This article covers what successful business-systems modernisation looks like for Perth mining operators, what the major pitfalls are, and how to structure a program that doesn’t break the mine while improving it.

What Modernisation Actually Means

Modernisation in this context isn’t about buying new software. It’s about moving from a reporting cadence that lives in month-end reconciliation to an operational cadence that matches the mine’s actual production rhythm. Four specific shifts matter:

  • Production cost becomes a live metric. SCADA and plant data feed the ERP so cost per tonne, cost per hour, and cost per shift are available when decisions are being made. Not three weeks after month-end.
  • Asset lifecycle unifies across ERP and maintenance. Equipment, maintenance, and financial data share a single source of truth. Overhaul decisions, replacement planning, and closure provisioning all work from the same numbers.
  • Compliance becomes a byproduct. WA DMP annual returns, DWER environmental reports, and rehabilitation data assemble from source systems rather than being reconstructed each year.
  • Workforce and rostering integrate end-to-end. FIFO rostering, fatigue management, time worked, travel, and accommodation flow through the same system that handles payroll and workforce analytics.

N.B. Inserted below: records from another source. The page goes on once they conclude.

(* Let $d\ge1$, $\lambda,R,B>0$, let $(x_s,y_s)_{s\ge1}$ satisfy $\|x_s\|\le R$, $y_s\in\{-1,1\}$, let $t\ge1$, and let $\Omega_t$ and its minimizer $\omega_t\in\mathbb R^{p_t}$ be as defined in the context. Let $\epsilon,\gamma>0$, $T\in\mathbb N$, and define $\omega_t^0=0$ and $\omega_t^i=\omega_t^{i-1}-\gamma\nabla\Omega_t(\omega_t^{i-1})$ for $i=1,\dots,T$. If \[\gamma=\frac{\lambda}{4\lambda+R^2},\qquad T\ge\left(4+\frac{R^2}{\lambda}\right)\log\frac{Rt}{\epsilon\sqrt\lambda},\] then $\|\omega_t^T-\omega_t\|\le\epsilon$.
   Context: Logistic loss $\ell(z,y)=\log(1+e^{-yz})$, $\ell_s(\theta)=\ell(\theta^\top x_s,y_s)$. Let $\hat\theta_s$ be the AIOLI forecasts: for $s<t$, $g_s=\nabla\ell_s(\hat\theta_s)$, $\eta_s=e^{y_s\hat\theta_s^\top x_s}/(1+BR)$, $\hat\ell_s(\theta)=\ell_s(\hat\theta_s)+g_s^\top(\theta-\hat\theta_s)+\frac{\eta_s}{2}(\theta-\hat\theta_s)^\top g_sg_s^\top(\theta-\hat\theta_s)$, and $\hat\theta_t=\arg\min_\theta\{\sum_{s<t}\hat\ell_s(\theta)+\ell(\theta^\top x_t,1)+\ell(\theta^\top x_t,-1)+\lambda\|\theta\|^2\}$. Let $A_{t-1}=\lambda I+\frac12\sum_{s=1}^{t-1}\eta_sg_sg_s^\top$, $b_{t-1}=\frac12\sum_{s=1}^{t-1}(\eta_sg_s^\top\hat\theta_s-1)g_s$, $L_{t-1}$ the lower-triangular Cholesky factor of $A_{t-1}$, $W_t=L_{t-1}^{-1}(b_{t-1},x_t)\in\mathbb R^{d\times2}$ of rank $p_t\in\{1,2\}$, $W_t^\top W_t=U_t\Sigma_tU_t^\top$ its economic eigendecomposition ($U_t\in\mathbb R^{2\times p_t}$ with orthonormal columns, $\Sigma_t$ positive diagonal), $u_t=\Sigma_t^{1/2}U_t^\top e_1$, $v_t=\Sigma_t^{1/2}U_t^\top e_2$ with $e_1=(1,0),e_2=(0,1)$, and \[\Omega_t(\omega)=\|\omega\|^2-2u_t^\top\omega+\log(1+e^{-v_t^\top\omega})+\log(1+e^{v_t^\top\omega}),\quad\omega\in\mathbb R^{p_t},\] with unique minimizer $\omega_t$. *)

From HB Require Import structures.
From mathcomp Require Import all_boot all_order all_algebra.
From mathcomp Require Import all_classical all_reals.
From mathcomp Require Import all_analysis.
Set Implicit Arguments. Unset Strict Implicit. Unset Printing Implicit Defensive.
Import Order.TTheory GRing.Theory Num.Theory.
Import numFieldNormedType.Exports.
Local Open Scope ring_scope.

Section AIOLI.
Variable R : realType.

Definition dotc n (u v : 'cV[R]_n) : R := \sum_i u i 0 * v i 0.
Definition enorm n (v : 'cV[R]_n) : R := Num.sqrt (dotc v v).

Definition grad n (f : 'cV[R]_n -> R) (x : 'cV[R]_n) : 'cV[R]_n :=
  \col_i ('D_(delta_mx i 0) f x : R).

Definition logloss (z y : R) : R := ln (1 + expR (- (y * z))).


Definition loss_s (d : nat) (lam Rb B : R) (x : nat -> 'cV[R]_d) (y : nat -> R) (thhat : nat -> 'cV[R]_d) (s : nat) (th : 'cV[R]_d) : R := logloss (dotc th (x s)) (y s).


Definition g_s (d : nat) (lam Rb B : R) (x : nat -> 'cV[R]_d) (y : nat -> R) (thhat : nat -> 'cV[R]_d) (s : nat) : 'cV[R]_d := grad ((loss_s lam Rb B x y thhat) s) (thhat s).
Definition eta_s (d : nat) (lam Rb B : R) (x : nat -> 'cV[R]_d) (y : nat -> R) (thhat : nat -> 'cV[R]_d) (s : nat) : R :=
  expR (y s * dotc (thhat s) (x s)) / (1 + B * Rb).

Definition lhat (d : nat) (lam Rb B : R) (x : nat -> 'cV[R]_d) (y : nat -> R) (thhat : nat -> 'cV[R]_d) (s : nat) (th : 'cV[R]_d) : R :=
  (loss_s lam Rb B x y thhat) s (thhat s) + dotc ((g_s lam Rb B x y thhat) s) (th - thhat s)
  + (eta_s lam Rb B x y thhat) s / 2 * (dotc ((g_s lam Rb B x y thhat) s) (th - thhat s)) ^+ 2.

Definition aioli_obj (d : nat) (lam Rb B : R) (x : nat -> 'cV[R]_d) (y : nat -> R) (thhat : nat -> 'cV[R]_d) (t : nat) (th : 'cV[R]_d) : R :=
  \sum_(1 <= s < t) (lhat lam Rb B x y thhat) s th
  + logloss (dotc th (x t)) 1 + logloss (dotc th (x t)) (-1)
  + lam * enorm th ^+ 2.

Definition is_aioli_forecasts (d : nat) (lam Rb B : R) (x : nat -> 'cV[R]_d) (y : nat -> R) (thhat : nat -> 'cV[R]_d) : Prop :=
  forall t, (1 <= t)%N -> forall th, (aioli_obj lam Rb B x y thhat) t (thhat t) <= (aioli_obj lam Rb B x y thhat) t th.

(* A_{t-1}, b_{t-1} *)
Definition Amat (d : nat) (lam Rb B : R) (x : nat -> 'cV[R]_d) (y : nat -> R) (thhat : nat -> 'cV[R]_d) (t : nat) : 'M[R]_d :=
  lam%:M + 2^-1 *: \sum_(1 <= s < t) ((eta_s lam Rb B x y thhat) s *: ((g_s lam Rb B x y thhat) s *m ((g_s lam Rb B x y thhat) s)^T)).
Definition bvec (d : nat) (lam Rb B : R) (x : nat -> 'cV[R]_d) (y : nat -> R) (thhat : nat -> 'cV[R]_d) (t : nat) : 'cV[R]_d :=
  2^-1 *: \sum_(1 <= s < t) (((eta_s lam Rb B x y thhat) s * dotc ((g_s lam Rb B x y thhat) s) (thhat s) - 1) *: (g_s lam Rb B x y thhat) s).

Definition is_cholesky (d : nat) (A L : 'M[R]_d) : Prop :=
  is_trig_mx L /\ (forall i, 0 < L i i) /\ L *m L^T = A.

Definition Wmat (d : nat) (lam Rb B : R) (x : nat -> 'cV[R]_d) (y : nat -> R) (thhat : nat -> 'cV[R]_d) (t : nat) (L : 'M[R]_d) : 'M[R]_(d, 2) :=
  invmx L *m row_mx ((bvec lam Rb B x y thhat) t) (x t).

End AIOLI.

Section Omega.
Variable R : realType.

Definition is_econ_eig p (M : 'M[R]_2) (U : 'M[R]_(2, p)) (sig : 'rV[R]_p) : Prop :=
  U^T *m U = 1%:M /\ (forall i, 0 < sig 0 i) /\ M = U *m diag_mx sig *m U^T.

Definition uvec p (U : 'M[R]_(2, p)) (sig : 'rV[R]_p) (k : 'I_2) : 'cV[R]_p :=
  diag_mx (map_mx Num.sqrt sig) *m U^T *m delta_mx k 0.

Definition Omega p (u v : 'cV[R]_p) (w : 'cV[R]_p) : R :=
  enorm w ^+ 2 - 2 * dotc u w
  + ln (1 + expR (- dotc v w)) + ln (1 + expR (dotc v w)).

Definition gd_iter p (f : 'cV[R]_p -> R) (gam : R) (i : nat) : 'cV[R]_p :=
  iter i (fun w => w - gam *: grad f w) 0.

End Omega.

From HB Require Import structures.
From mathcomp Require Import all_boot all_order all_algebra.
From mathcomp Require Import all_classical all_reals.
From mathcomp Require Import all_analysis.
From mathcomp Require Import ring lra.
Import Order.TTheory GRing.Theory Num.Theory.
Import numFieldNormedType.Exports.
Local Open Scope ring_scope.

(* The gradient of Omega is 2 w - 2 u + tanh ((v.w) / 2) v, and tanh (./2) is
   nondecreasing and 1/2-Lipschitz.  Hence a gradient step of size g sends a
   difference d = w - w' to (1 - 2g) d - g k (v.d) v for some k in [0, 1/2],
   which is a contraction of ratio 1 - 2g as soon as g |v|^2 <= 4 (1 - 2g).
   The minimiser is a fixed point of the step and, pairing the stationarity
   equation with it, has norm at most |u|; so |w^T - w*| <= (1 - 2g)^T |u|.
   Since A_{t-1} >= lam I, |L^-1 z| <= |z| / sqrt lam; this gives
   |v|^2 <= R^2 / lam and |u| <= |b_{t-1}| / sqrt lam <= R t / sqrt lam, each
   summand of b_{t-1} having norm at most 2R.  With the given g and T,
   (1 - 2g)^T <= exp (- g T) <= eps sqrt lam / (R t). *)

Section Euclidean.
#[local] Set Implicit Arguments.
#[local] Unset Strict Implicit.
Context {R : realType}.
Implicit Types (n : nat) (k : R).

Lemma dotcE n (a b : 'cV[R]_n) : dotc a b = (a^T *m b) 0 0.
Proof. by rewrite mxE; apply: eq_bigr => i _; rewrite mxE. Qed.

Lemma dotcC n (a b : 'cV[R]_n) : dotc a b = dotc b a.
Proof. by apply: eq_bigr => i _; rewrite mulrC. Qed.

Lemma dotcDl n (a b c : 'cV[R]_n) : dotc (a + b) c = dotc a c + dotc b c.
Proof. by rewrite /dotc -big_split; apply: eq_bigr => i _; rewrite !mxE mulrDl. Qed.

Lemma dotcZl n k (a c : 'cV[R]_n) : dotc (k *: a) c = k * dotc a c.
Proof. by rewrite /dotc mulr_sumr; apply: eq_bigr => i _; rewrite !mxE mulrA. Qed.

Lemma dotcBl n (a b c : 'cV[R]_n) : dotc (a - b) c = dotc a c - dotc b c.
Proof. by rewrite -scaleN1r dotcDl dotcZl mulN1r. Qed.

Lemma dotcDr n (a b c : 'cV[R]_n) : dotc c (a + b) = dotc c a + dotc c b.
Proof. by rewrite !(dotcC c) dotcDl. Qed.

Lemma dotcZr n k (a c : 'cV[R]_n) : dotc c (k *: a) = k * dotc c a.
Proof. by rewrite !(dotcC c) dotcZl. Qed.

Lemma dotcBr n (a b c : 'cV[R]_n) : dotc c (a - b) = dotc c a - dotc c b.
Proof. by rewrite !(dotcC c) dotcBl. Qed.

Lemma dotc0l n (c : 'cV[R]_n) : dotc 0 c = 0.
Proof. by rewrite -(scale0r 0) dotcZl mul0r. Qed.

Lemma dotc0r n (c : 'cV[R]_n) : dotc c 0 = 0.
Proof. by rewrite dotcC dotc0l. Qed.

Lemma dotc_delta n (i : 'I_n) (w : 'cV[R]_n) : dotc (delta_mx i 0) w = w i 0.
Proof.
rewrite /dotc (bigD1 i) //= big1 ?addr0; first by rewrite mxE !eqxx mul1r.
by move=> j /negPf ji; rewrite mxE ji mul0r.
Qed.

Lemma dotc_mulmxl n m (M : 'M[R]_(n, m)) (a : 'cV[R]_m) (b : 'cV[R]_n) :
  dotc (M *m a) b = dotc a (M^T *m b).
Proof. by rewrite !dotcE trmx_mul mulmxA. Qed.

Lemma dotc_ge0 n (a : 'cV[R]_n) : 0 <= dotc a a.
Proof. by apply: sumr_ge0 => i _; rewrite -expr2 sqr_ge0. Qed.

Lemma dotc_eq0 n (a : 'cV[R]_n) : dotc a a = 0 -> a = 0.
Proof.
move=> /eqP; rewrite psumr_eq0 => [/allP a0|i _]; last by rewrite -expr2 sqr_ge0.
apply/matrixP => i j; rewrite ord1 mxE.
by have := a0 i (mem_index_enum _); rewrite -expr2 sqrf_eq0 => /eqP.
Qed.

Lemma cauchy_schwarz n (a b : 'cV[R]_n) : dotc a b ^+ 2 <= dotc a a * dotc b b.
Proof.
have [a0|an0] := eqVneq (dotc a a) 0.
  by rewrite (dotc_eq0 a0) !dotc0l mul0r expr2 mul0r.
have aa_gt0 : 0 < dotc a a by rewrite lt_def an0 dotc_ge0.
have := dotc_ge0 (dotc a a *: b - dotc a b *: a).
rewrite !(dotcBl, dotcBr, dotcZl, dotcZr) (dotcC b a) => H.
have : 0 <= dotc a a * (dotc a a * dotc b b - dotc a b ^+ 2).
  by apply: le_trans H _; rewrite le_eqVlt; apply/orP; left; apply/eqP; ring.
by rewrite pmulr_rge0 // subr_ge0.
Qed.

Lemma enorm_ge0 n (a : 'cV[R]_n) : 0 <= enorm a.
Proof. exact: sqrtr_ge0. Qed.

Lemma enorm_sqr n (a : 'cV[R]_n) : enorm a ^+ 2 = dotc a a.
Proof. by rewrite /enorm sqr_sqrtr // dotc_ge0. Qed.

Lemma enorm0 n : enorm (0 : 'cV[R]_n) = 0.
Proof. by rewrite /enorm dotc0l sqrtr0. Qed.

Lemma ler_enorm n (w w' : 'cV[R]_n) : dotc w w <= dotc w' w' -> enorm w <= enorm w'.
Proof. exact: ler_wsqrtr. Qed.

Lemma dotc_le_enorm n (a b : 'cV[R]_n) : dotc a b <= enorm a * enorm b.
Proof.
rewrite /enorm -sqrtrM ?dotc_ge0 //; apply: le_trans (ler_norm _) _.
by rewrite -sqrtr_sqr ler_sqrt ?cauchy_schwarz // mulr_ge0 ?dotc_ge0.
Qed.

Lemma enormD n (a b : 'cV[R]_n) : enorm (a + b) <= enorm a + enorm b.
Proof.
have ab_ge0 : 0 <= enorm a + enorm b by rewrite addr_ge0 ?enorm_ge0.
rewrite -[leRHS]ger0_norm // -sqrtr_sqr /enorm ler_sqrt ?sqr_ge0 //.
rewrite sqrrD -!/(enorm _) !enorm_sqr dotcDl !dotcDr (dotcC b a).
have := dotc_le_enorm a b; lra.
Qed.

Lemma enormZ n k (a : 'cV[R]_n) : enorm (k *: a) = `|k| * enorm a.
Proof. by rewrite /enorm dotcZl dotcZr mulrA -expr2 sqrtrM ?sqr_ge0 // sqrtr_sqr. Qed.

Lemma enormN n (a : 'cV[R]_n) : enorm (- a) = enorm a.
Proof. by rewrite -scaleN1r enormZ normrN normr1 mul1r. Qed.

Lemma enorm_sum n (m p : nat) (F : nat -> 'cV[R]_n) :
  enorm (\sum_(m <= s < p) F s) <= \sum_(m <= s < p) enorm (F s).
Proof.
elim/big_ind2: _ => [|a1 b1 a2 b2 h1 h2|//]; first by rewrite enorm0.
by apply: le_trans (enormD _ _) _; apply: lerD.
Qed.

End Euclidean.

Section Sigmoid.
Local Open Scope classical_set_scope.
Local Open Scope ring_scope.
Context {R : realType}.
Implicit Types z w : R.

Definition sigmoid z : R := expR z / (1 + expR z).

(* [tanh_half z] is tanh (z / 2). *)
Definition tanh_half z : R := 1 - 2 / (1 + expR z).

Lemma sigmoidNE z : sigmoid (- z) = (1 + expR z)^-1.
Proof.
have e_gt0 := expR_gt0 z.
have e0 : expR z != 0 by rewrite gt_eqF.
have e1 : 1 + expR z != 0 by rewrite gt_eqF // addr_gt0.
by rewrite /sigmoid expRN; field; rewrite e1 e0.
Qed.

Lemma sigmoidE z : sigmoid z = 1 - (1 + expR z)^-1.
Proof.
have e1 : 1 + expR z != 0 by rewrite gt_eqF // addr_gt0 ?expR_gt0.
by rewrite /sigmoid; field.
Qed.

Lemma sigmoid_ge0 z : 0 <= sigmoid z.
Proof. by rewrite divr_ge0 ?expR_ge0 // addr_ge0 ?expR_ge0. Qed.

Lemma sigmoid_le1 z : sigmoid z <= 1.
Proof. by rewrite sigmoidE gerBl invr_ge0 addr_ge0 ?expR_ge0. Qed.

Lemma sigmoid_subN z : sigmoid z - sigmoid (- z) = tanh_half z.
Proof. by rewrite sigmoidE sigmoidNE /tanh_half; ring. Qed.

Lemma expR_sigmoidN z : expR z * sigmoid (- z) = sigmoid z.
Proof. by rewrite sigmoidNE. Qed.

Lemma sigmoidN_mul_le1 z : 0 <= z -> sigmoid (- z) * z <= 1.
Proof.
move=> z_ge0; rewrite sigmoidNE mulrC ler_pdivrMr ?addr_gt0 ?expR_gt0 // mul1r.
have := expR_ge1Dx z; lra.
Qed.

(* [sigmoid z * sigmoid (- z)] is symmetric in [z] and decays like [expR (- `|z|)]. *)
Lemma sigmoid_sigmoidN_abs_le1 z : sigmoid z * sigmoid (- z) * `|z| <= 1.
Proof.
wlog z_ge0 : z / 0 <= z => [H|].
  case: (lerP 0 z) => [/H //|/ltW]; rewrite -oppr_ge0 => /H.
  by rewrite opprK normrN (mulrC (sigmoid (- z))).
rewrite ger0_norm // -mulrA mulr_ile1 ?sigmoid_ge0 ?sigmoid_le1 ?sigmoidN_mul_le1 //.
by rewrite mulr_ge0 ?sigmoid_ge0.
Qed.

Lemma is_derive_tanh_half z : is_derive z 1 tanh_half (2 * expR z / (1 + expR z) ^+ 2).
Proof.
have e1 : 1 + expR z != 0 by rewrite gt_eqF // addr_gt0 ?expR_gt0.
have hf : is_derive z 1 (cst 1 + expR) (0 + expR z) by apply: is_deriveD.
have hinv := is_deriveV (e1 : (cst 1 + expR) z != 0) hf.
have -> : tanh_half = cst 1 - 2 *: (fun w => ((cst 1 + expR) w)^-1).
  by apply/funext => w; rewrite /tanh_half.
apply: is_derive_eq; rewrite /= add0r.
rewrite -[X in X = _]/(- (2 * (- (1 + expR z) ^- 2 * (0 + expR z)))) add0r.
by field.
Qed.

The Production Costing Shift

This is the most visible change for most operators. The legacy approach is: SCADA produces tonnes moved; the weighbridge records loads to the port; the payroll system records hours; finance reconciles all of this at month-end and produces a cost-per-tonne number five or six weeks after the actual production happened. Good for historical reporting. Useless for day-to-day decisions about grade, tonnage, or schedule.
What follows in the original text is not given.